To get the top-10 customers it’s as simple as performing a numeric, reversed (-nr) sort on the sales total (-k4) and heading on the output:

$ sort -t$'\t' -k4 -nr Customer_sales.csv | head -10

12301 Hannah Clark 14691.4
12132 Taylor Jones 14690.2
12308 Hannah Lee 14662.5
12131 Kelli Chander 14658.9
12300 Colleen She 14633.2
12321 Madison Miller 14603.3
12124 Taylor Smith 14581.2
12307 Colleen Tang 14556.4
12296 Hannah Garcia 14546.9
11433 Jenny Chen 14265.2

Big spenders. These guys get on the Christmas card list. Nice.
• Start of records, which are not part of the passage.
Lemma right_word_size_add_eq w1 w2 t : w1 != [::] -> w2 != [::] ->
  right_word w1 =1 right_word w2 -> right_word w1 (size w1 + t) = right_word w2 (size w2 + t).
Proof.
move=> w1_nonnil w2_nonnil eq12.
have take_lt w : w != [::] -> t < size (take t.+1 (right_part tau w t)).
  by move=> w_nonnil; rewrite size_takel ?size_right_part.
rewrite !(right_word_size_add _ (leqnn t)) //.
rewrite (@nth_subst_take _ t.+1) ?take_lt // [RHS](@nth_subst_take _ t.+1) ?take_lt //.
by rewrite !take_right_part ?size_right_part // (eq_mkseq eq12).
Qed.

Lemma right_word_periodic w1 w2 i : w1 != [::] -> w2 != [::] ->
  right_word w1 =1 right_word w2 -> size w1 <= size w2 -> size w1 <= i ->
  right_word w1 i = right_word w1 (i + (size w2 - size w1)).
Proof.
move=> w1_nonnil w2_nonnil eq12 le12 /subnKC <-.
rewrite (right_word_size_add_eq _ w1_nonnil w2_nonnil eq12) eq12; congr right_word; lia.
Qed.

Section Aperiodic.
Hypothesis tau_primitive : primitive tau.
Hypothesis shift_inf : shift_infinite tau.

(* By primitivity every letter occurs in [tau^N] of the first letter of [w]. *)
Lemma right_word_occurs w u : w != [::] -> in_lang tau u ->
  exists2 j, size w <= j & forall k, k < size u -> nth a0 u k = right_word w (j + k).
Proof.
case: tau_primitive => [[N [_ all_in]] _] w_nonnil [a [n [n_gt0 u_inf]]].
case: n n_gt0 u_inf => // n _ u_inf.
have wb : infix [:: head a0 w] w by case: w w_nonnil => // b w' _; rewrite infix1s mem_head.
have : infix u (subN (n.+1 + N) w).
  rewrite (infix_trans u_inf) // substnD infix_substn //.
  by rewrite (infix_trans _ (infix_substn N wb)) ?infix1s.
rewrite addSn => /infixP [p [q blockE]].
have size_w : size w <= size (right_part tau w (n + N)).
  by rewrite -{1}(right_part0 w) size_prefix ?prefix_right_part.
exists (size (right_part tau w (n + N) ++ p)).
  by rewrite size_cat (leq_trans size_w) ?leq_addr.
move=> k k_lt; rewrite -(@nth_right_part _ (n + N).+1) // right_partS blockE.
  by rewrite (catA (right_part tau w (n + N)) p) nth_cat_size nth_cat k_lt.
by rewrite !size_cat; lia.
Qed.

Lemma shift_pair_occurs w y i d : w != [::] -> in_shift tau y ->
  exists2 j, size w <= j & y i = right_word w j /\ y (i + d%:Z)%R = right_word w (j + d).
Proof.
move=> w_nonnil y_shift; have i_le : (i <= i + d%:Z)%R by rewrite lerDl.
have [j j_ge jP] := right_word_occurs w_nonnil (y_shift _ _ i_le).
have dE : `|(i + d%:Z - i)%R|%N = d by rewrite addrC addKr.
exists j => //; split; last by rewrite -jP ?size_window ?dE // nth_window ?dE.
by rewrite -(addn0 j) -jP ?size_window ?dE // nth_window ?addr0.
Qed.

Lemma right_word_size_inj w1 w2 : w1 != [::] -> w2 != [::] ->
  right_word w1 =1 right_word w2 -> size w1 = size w2.
Proof.
wlog le12 : w1 w2 / size w1 <= size w2.
  move=> gen w1_nonnil w2_nonnil eq12.
  have [le12|/ltnW le21] := leqP (size w1) (size w2); first exact: gen.
  by apply/esym/gen => // t; rewrite eq12.
move=> w1_nonnil w2_nonnil eq12; apply/eqP; rewrite eqn_leq le12 leqNgt; apply/negP=> lt12.
have d_gt0 : 0 < size w2 - size w1 by rewrite subn_gt0.
have [n [f cover]] := periodic_cover A d_gt0.
apply: shift_inf; exists n, f => y y_shift; apply: cover => i.
have [j j_ge [-> ->]] := shift_pair_occurs i (size w2 - size w1) w1_nonnil y_shift.
exact: right_word_periodic.
Qed.

Lemma generator_eq g1 g2 : generator tau g1 -> generator tau g2 ->
  completion tau a0 g1 =1 completion tau a0 g2 ->
  size (center g1) = size (center g2) -> g1 = g2.
Proof.
case: g1 g2 => [v1 u1 w1] [v2 u2 w2] [/= v1_nonnil [_ [w1_nonnil [_ u1E]]]].
move=> [/= v2_nonnil [_ [w2_nonnil [_ u2E]]]] comp12 /= size_u.
have eqR : right_word w1 =1 right_word w2 := fun t => comp12 (Posz t).
have eqL : left_word v1 u1 =1 left_word v2 u2 := fun t => comp12 (Negz t).
have w12 : w1 = w2.
  rewrite (wing_mkseq w1_nonnil) (wing_mkseq w2_nonnil) (eq_mkseq eqR).
  by rewrite (right_word_size_inj w1_nonnil w2_nonnil eqR).
have u12 : u1 = u2.
  apply: (can_inj revK); rewrite (rev_center_mkseq u1 v1_nonnil).
  by rewrite (rev_center_mkseq u2 v2_nonnil) size_u (eq_mkseq eqL).
subst w2 u2; have v12E := etrans (esym u1E) u2E.
have size_v : size v1 = size v2 by have := congr1 size v12E; rewrite !size_cat => /addIn.
by move/eqP: v12E; rewrite eqseq_cat // => /andP [/eqP <-].
Qed.

Lemma G_related_of_shifted g1 g2 (r1 r2 : nat) : generator tau g1 -> generator tau g2 ->
  (forall i, completion tau a0 g1 (i + r1%:Z)%R = completion tau a0 g2 (i + r2%:Z)%R) ->
  G_related tau g1 g2.
Proof.
move=> gen1 gen2 shift12.
have [h1 [reach1 gen_h1 _ comp_h1]] := right_ext_iter r1 gen1.
have [h2 [reach2 gen_h2 _ comp_h2]] := right_ext_iter r2 gen2.
pose s := maxn (size (center h1)) (size (center h2)).
have [k1 [reach_k1 gen_k1 size_k1 comp_k1]] := left_ext_iter (s - size (center h1)) gen_h1.
have [k2 [reach_k2 gen_k2 size_k2 comp_k2]] := left_ext_iter (s - size (center h2)) gen_h2.
have k12 : k1 = k2.
  apply: generator_eq => // [i|]; first by rewrite comp_k1 comp_k2 comp_h1 comp_h2.
  by rewrite size_k1 size_k2 !subnKC ?leq_maxl ?leq_maxr.
exists k1; split=> //; split; first exact: ext_reach_trans reach1 reach_k1.
by rewrite k12; exact: ext_reach_trans reach2 reach_k2.
Qed.

End Aperiodic.

Lemma orbit_equiv_of_G_related g1 g2 : generator tau g1 -> generator tau g2 ->
  G_related tau g1 g2 -> orbit_equiv (completion tau a0 g1) (completion tau a0 g2).
Proof.
move=> [v1_nonnil _] [v2_nonnil _] [g3 [_ [reach1 reach2]]].
have [r1 comp1] := ext_reach_completion reach1 v1_nonnil.
have [r2 comp2] := ext_reach_completion reach2 v2_nonnil.
exists (r2%:Z - r1%:Z)%R => i.
by rewrite -[i in LHS](subrK (Posz r1)) -comp1 comp2 addrAC addrA.
Qed.

Lemma G_related_of_orbit_equiv g1 g2 : primitive tau -> shift_infinite tau ->
  generator tau g1 -> generator tau g2 ->
  orbit_equiv (completion tau a0 g1) (completion tau a0 g2) -> G_related tau g1 g2.
Proof.
move=> prim inf gen1 gen2 [[k|k] shift12].
  by apply: (@G_related_of_shifted _ _ _ _ 0 k) => // i; rewrite addr0.
apply: (@G_related_of_shifted _ _ _ _ k.+1 0) => // i.
by rewrite shift12 addr0 NegzE addrK.
Qed.

End Substitution.

Theorem mainTheorem5 (A : finType) (a0 : A) (tau : A -> seq A)
  (Htau : substitution tau) (Hprim : primitive tau) (Hap : aperiodic tau)
  (g1 g2 : triple A) (Hg1 : generator tau g1) (Hg2 : generator tau g2) :
  orbit_equiv (completion tau a0 g1) (completion tau a0 g2) <->
  G_related tau g1 g2.
Proof.
split; first exact: G_related_of_orbit_equiv Hprim Hap.2 Hg1 Hg2.
exact: orbit_equiv_of_G_related.
Qed.
Lemma first_zero_or_positive (v : R -> R -> R) a b t0 t1 :
  0 <= t0 <= t1 -> (forall x, a <= x <= b -> 0 < v x t0) ->
  (forall x s, a <= x <= b -> t0 <= s <= t1 -> cont_within_tnonneg v x s) ->
  (forall x s, a <= x <= b -> t0 <= s <= t1 -> 0 < v x s) \/
  exists s x, t0 < s <= t1 /\ a <= x <= b /\ v x s = 0 /\
    (forall y, a <= y <= b -> 0 <= v y s) /\ (forall r, t0 <= r < s -> 0 < v x r).
Proof.
  intros Ht Hinit Hcont.
  destruct (sup_positive_times v a b t0 t1 Ht Hinit Hcont) as [ts [Hts [Hbefore Hend]]].
  destruct (classic (exists x, a <= x <= b /\ v x ts <= 0)) as [[x [Hx Hvx]] | Hpos].
  - assert (Hts0 : t0 < ts).
    { destruct (Rle_lt_or_eq_dec t0 ts (proj1 Hts)) as [|<-]; [easy|].
      specialize (Hinit x Hx). lra. }
    assert (Hnonneg : forall y, a <= y <= b -> 0 <= v y ts).
    { intros y Hy. apply (cont_within_tnonneg_ge_left v y t0); [lra | | apply Hcont; lra].
      intros r Hr. now apply Hbefore. }
    right. exists ts, x. split; [lra|]. split; [exact Hx|].
    split; [specialize (Hnonneg x Hx); lra|]. split; [exact Hnonneg|].
    intros r Hr. now apply Hbefore.
  - destruct Hend as [<- | Hzero]; [left | contradiction].
    intros x s Hx Hs. destruct (Rlt_or_le s ts) as [|Hge]; [apply Hbefore; [lra | exact Hx]|].
    replace s with ts by lra. apply Rnot_le_lt. intros Hle. apply Hpos. now exists x.
Qed.

Lemma cont2_continuous_slice (f : R -> R -> R) x t :
  cont2 f x t -> continuous (fun z => f z t) x.
Proof.
  intros Hf. apply (continuous_comp_2 (fun z => z) (fun _ => t) f);
    [apply continuous_id | apply continuous_const | exact Hf].
Qed.

Lemma Rabs_le_unit_steps (F : nat -> R) n :
  (forall k, (k < n)%nat -> Rabs (F (S k) - F k) < 1) -> Rabs (F n) <= Rabs (F O) + INR n.
Proof.
  induction n as [|n IH]; intros Hstep; [simpl; lra|].
  rewrite S_INR. specialize (IH ltac:(intros k Hk; apply Hstep; lia)).
  specialize (Hstep n ltac:(lia)).
  replace (F (S n)) with (F n + (F (S n) - F n)) by ring.
  pose proof (Rabs_triang (F n) (F (S n) - F n)). lra.
Qed.

Lemma continuity_2d_pt_bounded_rectangle (f : R -> R -> R) a b c d :
  a <= b -> c <= d ->
  (forall x t, a <= x <= b -> c <= t <= d -> continuity_2d_pt f x t) ->
  exists B, forall x t, a <= x <= b -> c <= t <= d -> Rabs (f x t) <= B.
Proof.
  intros Hab Hcd Hf.
  destruct (uniform_continuity_2d f a b c d Hf (mkposreal 1 Rlt_0_1)) as [del Hdel].
  assert (Hdel0 := cond_pos del).
  destruct (nfloor_ex ((b - a + (d - c)) / del)) as [n0 Hn0]; [apply Rdiv_le_0_compat; lra|].
  set (n := S n0).
  assert (Hn : b - a + (d - c) < INR n * del).
  { unfold n. rewrite S_INR. destruct Hn0 as [_ Hn0].
    apply (Rmult_lt_compat_r del) in Hn0; [|exact Hdel0].
    unfold Rdiv in Hn0. rewrite Rmult_assoc, Rinv_l, Rmult_1_r in Hn0 by lra. exact Hn0. }
  assert (Hnpos : 0 < INR n) by apply lt_0_INR, Nat.lt_0_succ.
  exists (Rabs (f a c) + INR n). intros x t Hx Ht.
  (* walk from (a, c) to (x, t) in n steps, each shorter than [del] *)
  set (hx := (x - a) / INR n). set (ht := (t - c) / INR n).
  assert (Hstep : 0 <= hx < del /\ 0 <= ht < del).
  { unfold hx, ht. repeat split; try (apply Rdiv_le_0_compat; lra);
      apply (Rmult_lt_reg_r (INR n)); try exact Hnpos;
      unfold Rdiv; rewrite Rmult_assoc, Rinv_l, Rmult_1_r by lra; lra. }
  assert (Hend : a + INR n * hx = x /\ c + INR n * ht = t) by (unfold hx, ht; split; field; lra).
  destruct Hend as [Ex Et]. rewrite <- Ex, <- Et.
  replace (Rabs (f a c)) with (Rabs (f (a + INR O * hx) (c + INR O * ht)))
    by (simpl; do 3 f_equal; ring).
  apply (Rabs_le_unit_steps (fun k => f (a + INR k * hx) (c + INR k * ht))).
  intros k Hk. apply le_INR in Hk. rewrite S_INR in *. pose proof (pos_INR k).
  apply Hdel.
  1-4: split; nra.
  - replace (a + (INR k + 1) * hx - (a + INR k * hx)) with hx by ring. rewrite Rabs_pos_eq; lra.
  - replace (c + (INR k + 1) * ht - (c + INR k * ht)) with ht by ring. rewrite Rabs_pos_eq; lra.
Qed.

Lemma ex_bound_finite_family (P : nat -> R -> Prop) N :
  (forall j B B', B <= B' -> P j B -> P j B') ->
  (forall j, (j < N)%nat -> exists B, P j B) ->
  exists B, forall j, (j < N)%nat -> P j B.
Proof.
  intros Hmono. induction N as [|N IH]; intros Hex.
  - exists 0. intros j Hj. lia.
  - destruct IH as [B1 HB1]; [intros j Hj; apply Hex; lia|].
    destruct (Hex N) as [B2 HB2]; [lia|].
    exists (Rmax B1 B2). intros j Hj. destruct (Nat.eq_dec j N) as [->|Hne].
    + apply Hmono with B2; [apply Rmax_r | exact HB2].
    + apply Hmono with B1; [apply Rmax_l | apply HB1; lia].
Qed.

Lemma periodic_INR (L : R) (f : R -> R) n y :
  periodic L f -> f (y + INR n * L) = f y.
Proof.
  intros Hp. induction n as [|n IH]; [simpl; f_equal; ring|].
  rewrite S_INR. replace (y + (INR n + 1) * L) with (y + INR n * L + L) by ring.
  rewrite Hp. exact IH.
Qed.

Lemma periodic_reduce (L : R) (f : R -> R) x :
  0 < L -> periodic L f -> exists y, 0 <= y <= L /\ f x = f y.
Proof.
  intros HL Hp.
  assert (Hfloor : forall z, 0 <= z -> exists n, INR n * L <= z < INR n * L + L).
  { intros z Hz. destruct (nfloor_ex (z / L)) as [n [H1 H2]]; [now apply Rdiv_le_0_compat|].
    exists n. apply (Rmult_le_compat_r L) in H1; [|lra]. apply (Rmult_lt_compat_r L) in H2; [|lra].
    unfold Rdiv in H1, H2. rewrite Rmult_assoc, Rinv_l, Rmult_1_r in H1, H2 by lra. lra. }
  destruct (Hfloor (Rabs x) (Rabs_pos x)) as [m [_ Hm]].
  set (x' := x + INR (S m) * L).
  assert (Hx' : 0 <= x').
  { unfold x'. rewrite S_INR. assert (- x <= Rabs x) by (rewrite <- Rabs_Ropp; apply RRle_abs). lra. }
  destruct (Hfloor x' Hx') as [k Hk].
  exists (x' - INR k * L). split; [lra|].
  rewrite <- (periodic_INR L f k (x' - INR k * L)) by exact Hp.
  replace (x' - INR k * L + INR k * L) with x' by ring.
  symmetry. now apply periodic_INR.
Qed.

Section Positivity.

Variables (L : R) (N : nat) (D : nat -> R) (h : nat -> nat -> R) (K : R -> R)
  (u : nat -> R -> R -> R) (Tstar : Rbar).

Hypotheses (HL : 0 < L) (HN : (1 <= N)%nat) (HD : forall i, (i < N)%nat -> 0 < D i)
  (HKper : periodic L K) (HKpos : forall x, 0 <= K x) (HKmass : RInt K 0 L = 1)
  (HKc : forall x, continuous K x).

Hypotheses
  (Hper : forall i t, (i < N)%nat -> 0 <= t -> Rbar_lt t Tstar ->
            periodic L (fun x => u i x t))
  (Hcont : forall i x t, (i < N)%nat -> 0 <= t -> Rbar_lt t Tstar ->
            cont_within_tnonneg (u i) x t)
  (Hdx1 : forall i x t, (i < N)%nat -> 0 < t -> Rbar_lt t Tstar ->
            ex_derive (fun z => u i z t) x)
  (Hdx2 : forall i x t, (i < N)%nat -> 0 < t -> Rbar_lt t Tstar ->
            ex_derive (fun z => Derive (fun w => u i w t) z) x)
  (Hcdx1 : forall i x t, (i < N)%nat -> 0 < t -> Rbar_lt t Tstar ->
            cont2 (fun z s => Derive (fun w => u i w s) z) x t)
  (Hcdx2 : forall i x t, (i < N)%nat -> 0 < t -> Rbar_lt t Tstar ->
            cont2 (fun z s => Derive_n (fun w => u i w s) 2 z) x t)
  (Hpde : forall i x t, (i < N)%nat -> 0 < t -> Rbar_lt t Tstar ->
            is_derive (fun s => u i x s) t
              (D i * Derive_n (fun z => u i z t) 2 x
               - Derive (fun z => flux N L h K u i z t) x)).

Let uxx (j : nat) (t : R) : R -> R := Derive (Derive (fun w => u j w t)).

Lemma uxx_bounded del t0 :
  0 < del <= t0 -> Rbar_lt t0 Tstar ->
  exists B, forall j y s, (j < N)%nat -> - L <= y <= L -> del <= s <= t0 -> Rabs (uxx j s y) <= B.
Proof.
  intros Hdel HtT.
  destruct (ex_bound_finite_family (fun j B => forall y s, - L <= y <= L -> del <= s <= t0 ->
              Rabs (uxx j s y) <= B) N) as [B HB].
  - intros j B B' HBB' H y s Hy Hs. specialize (H y s Hy Hs). lra.
  - intros j Hj. apply continuity_2d_pt_bounded_rectangle; [lra | lra |].
    intros y s _ Hs. apply continuity_2d_pt_filterlim, (Hcdx2 j y s Hj); [lra|].
    apply (Rbar_le_lt_trans s t0 Tstar); [simpl; lra | exact HtT].
  - exists B. intros j y s Hj. now apply HB.
Qed.

Lemma is_derive_flux_solution i x t :
  (i < N)%nat -> 0 < t -> Rbar_lt t Tstar ->
  is_derive (fun z => flux N L h K u i z t) x
    (Derive (fun w => u i w t) x * kernel_sum N L h K (fun j => Derive (fun w => u j w t)) i x
     + u i x t * kernel_sum N L h K (fun j => uxx j t) i x).
Proof.
  intros Hi Ht HtT. apply is_derive_flux; try assumption.
  - intros j Hj. apply Hper; [assumption | lra | assumption].
  - intros j z Hj. now apply Hdx1.
  - intros j z Hj. now apply Hdx2.
  - intros j z Hj. exact (cont2_continuous_slice _ z t (Hcdx1 j z t Hj Ht HtT)).
  - intros j z Hj. exact (cont2_continuous_slice _ z t (Hcdx2 j z t Hj Ht HtT)).
Qed.

Lemma no_first_contact i x1 t1 del mu lam :
  (i < N)%nat -> 0 < del < t1 -> Rbar_lt t1 Tstar -> 0 < mu ->
  Rabs (kernel_sum N L h K (fun j => uxx j t1) i x1) < lam ->
  (forall y, 0 <= y <= L -> mu * exp (- lam * t1) <= u i y t1) ->
  u i x1 t1 = mu * exp (- lam * t1) ->
  (forall r, del <= r < t1 -> mu * exp (- lam * r) < u i x1 r) -> False.
Proof.
  intros Hi Ht1 HtT Hmu Hlam Habove Hcontact Hbefore.
  set (g := fun w => u i w t1).
  set (P := kernel_sum N L h K (fun j => uxx j t1) i x1).
  assert (Hmin : forall y, g x1 <= g y).
  { intros y. destruct (periodic_reduce L g y HL (Hper i t1 Hi ltac:(lra) HtT)) as [y' [Hy' ->]].
    unfold g. rewrite Hcontact. now apply Habove. }
  assert (Hg : forall y, ex_derive g y) by (intros y; exact (Hdx1 i y t1 Hi ltac:(lra) HtT)).
  assert (Hgx : Derive g x1 = 0) by now apply Derive_eq_0_at_min.
  assert (Hgxx : 0 <= Derive (Derive g) x1)
    by exact (Derive2_nonneg_at_min g x1 Hmin Hg (Hdx2 i x1 t1 Hi ltac:(lra) HtT)).
  assert (Hflux : Derive (fun z => flux N L h K u i z t1) x1 = u i x1 t1 * P).
  { apply is_derive_unique.
    replace (u i x1 t1 * P)
      with (Derive g x1 * kernel_sum N L h K (fun j => Derive (fun w => u j w t1)) i x1
            + u i x1 t1 * P) by (rewrite Hgx; ring).
    apply is_derive_flux_solution; [exact Hi | lra | exact HtT]. }
  assert (Hu := Hpde i x1 t1 Hi ltac:(lra) HtT).
  change (Derive_n (fun z => u i z t1) 2 x1) with (Derive (Derive g) x1) in Hu.
  rewrite Hflux in Hu.
  assert (Hb : is_derive (fun s => mu * exp (- lam * s)) t1 (- lam * (mu * exp (- lam * t1))))
    by (auto_derive; [exact I | ring]).
  assert (Hsign : D i * Derive (Derive g) x1 - u i x1 t1 * P
                  - - lam * (mu * exp (- lam * t1)) <= 0).
  { apply (is_derive_nonpos_at_first_zero (fun s => u i x1 s - mu * exp (- lam * s)) del t1).
    - exact (is_derive_minus _ _ _ _ _ Hu Hb).
    - rewrite Hcontact. ring.
    - lra.
    - intros r Hr. specialize (Hbefore r Hr). lra. }
  rewrite Hcontact in Hsign.
  assert (HP : P < lam) by (apply Rle_lt_trans with (Rabs P); [apply Rle_abs | exact Hlam]).
  assert (HE : 0 < mu * exp (- lam * t1)) by (apply Rmult_lt_0_compat; [lra | apply exp_pos]).
  assert (0 <= D i * Derive (Derive g) x1)
    by (apply Rmult_le_pos; [apply Rlt_le, HD, Hi | exact Hgxx]).
  nra.
Qed.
Similarly, to get the the bottom-10 customers I can use tail (or change the sort direction):

$ sort -t$'\t' -k4 -nr Customer_sales.csv | tail -10

20178 Phillip Gonzalez 4.409
20146 Ronald Sanchez 4.409
20142 Ronald Lopez 4.409
20141 Ronald Fernandez 4.409
19516 Emma Peterson 4.409
19481 Emma Morris 4.409
17820 Dana Navarro 4.409
17819 Dana Romero 4.409
17818 Candice Ma 4.409
17649 Sandra Huang 4.409

This bunch probably aren’t worth the postage!

So that’s how you effectively write the following SQL query using GNU tools in bash.

SELECT
     c.CustomerID
  ,  p.FirstName
  ,  p.LastName
  ,  SUM( h.TotalSales ) AS TotalSales
FROM
  CUSTOMER c
INNER JOIN
  PERSON p
  ON( c.CustomerID = p.PersonID )
INNER JOIN
  SalesOrderHeader h
  ON( c.CustomerID = h.CustomerID )
GROUP BY
     c.CustomerID
  ,  p.FirstName
  ,  p.LastName
ORDER BY
  SUM( h.TotalSales ) DESC 
  -- ORDER BY DESC for highest value customers first, 
  -- ORDER BY ASC for lowest-value customers first.

To be honest, SQL is probably way easier!